Een week geleden had ik onverwacht een paar uur over; vrij zeg maar. Buiten scheen een bleek winterzonnetje en het leek mij dan ook een prima moment om er even op uit te gaan. Het was daarbij ook nog eens maandagmiddag, een tijdstip waarop de meeste mensen na een vermoeiend weekend weer enthousiast aan het werk zijn en daarmee de bekende vogelkijkplekken wellicht wat minder druk bevolkt. Maar een mens kan zich vergissen…

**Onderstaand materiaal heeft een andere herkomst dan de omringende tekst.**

Lemma bridge_ratios_ge0 eps : lbound (bridge_ratios K eps) 0.
Proof.
move=> r; rewrite bridge_ratiosE lbridge_ratiosN => -[].
  exact: rbridge_ratio_ge0 cK ubK.
exact: rbridge_ratio_ge0 cNK ubNK.
Qed.

Lemma thickness_le eps r : bridge_ratios K eps r -> thickness K eps <= r.
Proof.
by move=> ?; apply: ge_inf => //; exists 0; exact: bridge_ratios_ge0.
Qed.

Lemma thickness_ge0 eps : 0 <= thickness K eps.
Proof.
rewrite /thickness; have [->|/set0P ne] := eqVneq (bridge_ratios K eps) set0.
  by rewrite inf0.
exact: lb_le_inf ne (bridge_ratios_ge0 eps).
Qed.

Lemma thickness_lower {eps} : 0 < eps < 1 ->
  (1 - eps) * thickness K 0 <= thickness K eps.
Proof.
move=> eps01; have t0 := thickness_ge0 0.
have [[G gG]|nG] := pselect (exists G, is_gap K G); last first.
  by rewrite !thickness_nogap ?mulr0.
have tlb : lbound (bridge_ratios K 0) (thickness K 0) by move=> ? /thickness_le.
apply: lb_le_inf (bridge_ratios_nonempty eps gG) _ => r.
rewrite bridge_ratiosE lbridge_ratiosN => -[].
  exact: rbridge_ratio_lower cK eps01 t0 tlb.
by apply: rbridge_ratio_lower cNK eps01 t0 _; rewrite bridge_ratiosN.
Qed.

Lemma thickness_upper {eps} : 0 <= eps < 1 -> thickness K eps <= thickness K 0.
Proof.
move=> eps01.
have [[G gG]|nG] := pselect (exists G, is_gap K G); last first.
  by rewrite !thickness_nogap.
apply: lb_le_inf (bridge_ratios_nonempty 0 gG) _ => r.
rewrite bridge_ratiosE lbridge_ratiosN => -[].
  move=> /(rbridge_ratio_upper cK ubK eps01) [r' r'_ratio r'r].
  by apply: le_trans r'r; apply: thickness_le; rewrite bridge_ratiosE; left.
move=> /(rbridge_ratio_upper cNK ubNK eps01) [r' r'_ratio r'r].
apply: le_trans r'r; apply: thickness_le.
by rewrite bridge_ratiosE lbridge_ratiosN; right.
Qed.

Lemma thickness_cvg : thickness K eps @[eps --> 0^'+] --> thickness K 0.
Proof.
apply: (@squeeze_cvgr _ _ _ _
  (fun eps => (1 - eps) * thickness K 0) (fun=> thickness K 0)).
- near=> eps; have eps01 : 0 < eps < 1.
    apply/andP; split; near: eps; first exact: nbhs_right_gt.
    exact: nbhs_right_lt.
  rewrite thickness_lower // thickness_upper //.
  by case/andP: eps01 => /ltW -> ->.
- apply: cvg_at_right_filter.
  rewrite -[X in _ --> X]mul1r; apply: cvgMr_tmp.
  rewrite -[X in _ --> X]subr0.
  by apply: cvgB; [exact: cvg_cst | exact: cvg_id].
- exact: cvg_cst.
Unshelve. all: by end_near.
Qed.

End ClosedBounded.

End Thickness.

Theorem mainTheorem13 (R : realType) (C : set R) :
  cantor_set C ->
  (forall eps : R, 0 < eps < 1 ->
     (1 - eps) ^+ 2 * thickness C 0 <= thickness C eps /\
     thickness C eps <= thickness C 0) /\
  (thickness C eps @[eps --> 0^'+] --> thickness C 0).
Proof.
move=> [_ cptC _ _].
have cC := compact_closed (@Rhausdorff R) cptC.
have bC := compact_bounded cptC.
split; last exact: thickness_cvg cC bC.
move=> eps /[dup] eps01 /andP[eps0 eps1].
split; last by rewrite thickness_upper // ltW.
apply: le_trans (thickness_lower cC bC eps01).
have t0 : 0 <= thickness C 0 := thickness_ge0 cC bC 0.
rewrite expr2 -mulrA; apply: ler_piMl; last by lra.
by rewrite mulr_ge0 // subr_ge0 ltW.
Qed.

Omdat de middag al aardig opschoot en de zon ’s winters vroeg ondergaat, besloot ik naar de bekende vogelkijkhut aan de Starrevaart te gaan. Een gewaagde keuze als je in alle rust wilt fotograferen, deze hut is namelijk erg populair. Maar hij ligt bij mij in de buurt en het was tenslotte maandagmiddag dus de drukte zou wel meevallen. Op de nabij gelegen parkeerplaats was het redelijk rustig, dus niets vermoedend en vol mooie verwachtingen wandelde ik met m’n snuit in de zon richting de hut. Dit ging een prachtige middag worden, ik zag de foto’s al voor me…
Helaas, in de buurt van de hut aangekomen bekroop mij plotsklaps het gevoel een verkeerde keuze gemaakt te hebben. Het laatste paadje naar de hut was namelijk nauwelijks te belopen vanwege alle fietsen die daar neergezet waren. Toen ik de deur van de hut open schoof, sloeg de schrik mij pas echt om het hart (hetgeen in mijn geval tegenwoordig even opletten is 😉 ). Ik trof een grote groep enthousiaste mensen aan die opeen gepakt via de opengesperde kijksleuven over de plas zaten te turen. Hun aanzwellende geklets pakte zich samen tot een golf van geluid die zich naar alle kanten over de plas uitstrekte en zo de aanwezige eenden op behoorlijke afstand hield. Maar het was wel gezellig…
“Potjandorrienogeensantoe (maar dan veel korter en in het Engels)!” vloekte ik zachtjes voor me uit. Met m’n rug tegen de achterwand gedrukt overzag ik het speelveld en schatte ik mijn kansen in. Aan de voor- en rechterzijkant van de hut was geen gaatje meer te vinden. De vogelminnende dames en heren zaten schouder aan schouder op de bankjes voor de kijksleuven met de verrekijkers en fotocamera’s in de hand. Achter hen stond een tweede groep liefhebbers met telescopen tussen de hoofden van de bankzitters door te kijken. Ik maakte geen schijn van kans om aan een van deze zijden van de hut in actie te komen. Alleen aan de linkerkant was nog een stukje kijksleuf vrij. Wat natuurlijk logisch is omdat je daar ’s middags tegen de zon in zit te kijken en je dus bijna niets dan sterretjes ziet. Zeker als je met je verrekijker per ongeluk even recht tegen diezelfde zon in kijkt… 😎
“Is dit nou het ‘in de ban van de condor’ – effect?” vroeg ik mij onthutst af. Het was niet meer dan een snelle, valse gedachte van deze knorrige fotograaf op het moment dat ik besefte dat mijn middagje rustig fotograferen veranderde in een gezellig samenzijn met een grote groep vogelkenners. Even had ik de neiging om de overvolle vogelhut te wijten aan de populariteit van het spelprogramma ‘in de ban van de condor’, waardoor half Nederland ineens vindt dat ie ‘vogelaar’ is. Maar daarmee zou ik de aanwezigen tekort doen, de meeste van hen zie ik al jaren met enige regelmaat deze vogelhut bezoeken. Blijkbaar hadden zij net als ik juist deze middag een paar uur over en werden net als ik naar de eendjes op de Starrevaart getrokken.

Er zat weinig anders anders op dan me erbij neer te leggen. En terwijl de zon langzaam begon te zakken nam ik tegen beter weten in plaats op het lege bankje aan de linkerkant van de hut. In het volle tegenlicht trof ik daar een brilduikertje aan die een zojuist opgeviste (beschermde) kleine modderkruiper verorberde, waarna de zon in de druppels op z’n snavel een klein sterretje vormde. En ach, laten we eerlijk zijn… daar wordt je toch weer een beetje blij van.